![disappeared radio silence disappeared radio silence](https://www.tvguide.co.uk/channel_logos/870.png)
bookstore where I began this reading project. On my first day, I was surprised to discover a mirror image of the D.C. I recently returned to Berlin to work on a radio documentary about my search for silence. The quietest place I’ve ever lived is Germany, where sound regulations, urban forests and the occasional act of public shushing creates a different sonic landscape.
![disappeared radio silence disappeared radio silence](https://static.dw.com/image/52580220_401.jpg)

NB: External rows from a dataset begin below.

Lemma dist_seq_pos x : ~ cluster_point d xs x -> 0 < f x.
Proof.
  destruct Hd as [Hnn [_ [Hsym _]]].
  intro Hx. apply NNPP. intro Hf. apply Hx. intros e He m. apply NNPP. intro Hfar.
  apply Hf. apply (Rlt_le_trans _ (Rmin e (/ INR (S m)))).
  { apply Rmin_pos; [lra | apply inv_INR_S_pos]. }
  apply f_glb. intro n. pose proof (inv_INR_S_pos n).
  destruct (Nat.le_gt_cases m n) as [Hmn|Hnm].
  - assert (e <= d (xs n) x) by (apply Rnot_lt_le; intro; apply Hfar; now exists n).
    rewrite Hsym. pose proof (Rmin_l e (/ INR (S m))). lra.
  - pose proof (inv_INR_S_le n m ltac:(lia)). pose proof (Hnn x (xs n)).
    pose proof (Rmin_r e (/ INR (S m))). lra.
Qed.

Lemma dist_seq_at n : f (xs n) <= / INR (S n).
Proof.
  destruct Hd as [_ [Hzero _]].
  specialize (f_le (xs n) n). rewrite (proj2 (Hzero _ _) eq_refl) in f_le. lra.
Qed.

End DistanceToSequence.

Lemma quasi_complete_of_inv_locally_lipschitz {X : Type} (d : X -> X -> R) :
  is_metric d -> strongly_uniformly_locally_bounded d ->
  (forall f : X -> R, (forall x, f x <> 0) -> lipschitz d f ->
     strongly_uniformly_locally_lipschitz d (fun x => / f x)) ->
  cofinally_Bourbaki_quasi_complete d.
Proof.
  intros Hd Hb Hinv xs Hxs. pose proof Hd as [Hnn _].
  apply NNPP. intro Hncl.
  destruct (choice (fun x m => (forall n, m <= d x (xs n) + / INR (S n)) /\
                      forall c, (forall n, c <= d x (xs n) + / INR (S n)) -> c <= m))
    as [f Hf].
  { intro x. apply (inf_seq_exists _ 0). intro n.
    pose proof (Hnn x (xs n)). pose proof (inv_INR_S_pos n). lra. }
  assert (Hpos : forall x, 0 < f x).
  { intro x. apply (dist_seq_pos d xs f Hd); try apply Hf.
    intro Hx. apply Hncl. now exists x. }
  destruct (locally_lipschitz_bounded_on_components d (fun x => / f x) Hb)
    as [delta [Hdelta Hbnd]].
  { apply Hinv; [intro x; specialize (Hpos x); lra|].
    apply (dist_seq_lipschitz d xs f Hd); apply Hf. }
  destruct (Hxs delta Hdelta) as [N [Ninf Nchain]].
  destruct (Ninf 0%nat) as [j0 [_ Nj0]].
  destruct (Hbnd (xs j0)) as [M HM].
  destruct (INR_unbounded M) as [m Hm].
  destruct (Ninf m) as [n [Hmn Nn]].
  specialize (HM _ (Nchain j0 n Nj0 Nn)).
  assert (Hlarge : INR (S n) <= / f (xs n)).
  { rewrite <- (Rinv_inv (INR (S n))). apply Rinv_le_contravar; [apply Hpos|].
    apply (dist_seq_at d xs f Hd); apply Hf. }
  apply le_INR in Hmn. rewrite S_INR in Hlarge. lra.
Qed.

“Shutting out the world is not about turning your back on your surroundings,” he writes, “but rather the opposite: it is seeing the world a bit more clearly, staying a course and trying to love your life.” Kagge’s book was a visual feast of hazy horizons and poetic sentences about the value of silence. When I bought my first guide to silence, aptly titled “Silence,” by the Norwegian writer and explorer Erling Kagge, I was comforted to learn that I wasn’t alone in my struggle. I confess to a smartphone addiction and an unhealthy volume of streaming, bingeing and reading restlessness. For a long time, I thought I was alone in my inability to be present. It is the cumulative experience of personal space and a mind at rest, with room to think and contemplate.
![disappeared radio silence disappeared radio silence](https://youredrivingmewilde.files.wordpress.com/2016/02/radio-silence1.jpg)
Silence is more than the absence of noise. I’m tempted to dismiss my growing obsession with books about silence as a frivolous longing for “chicken soup for an angsty soul.” But the rise of this family of books speaks to a real need - and void - in contemporary life.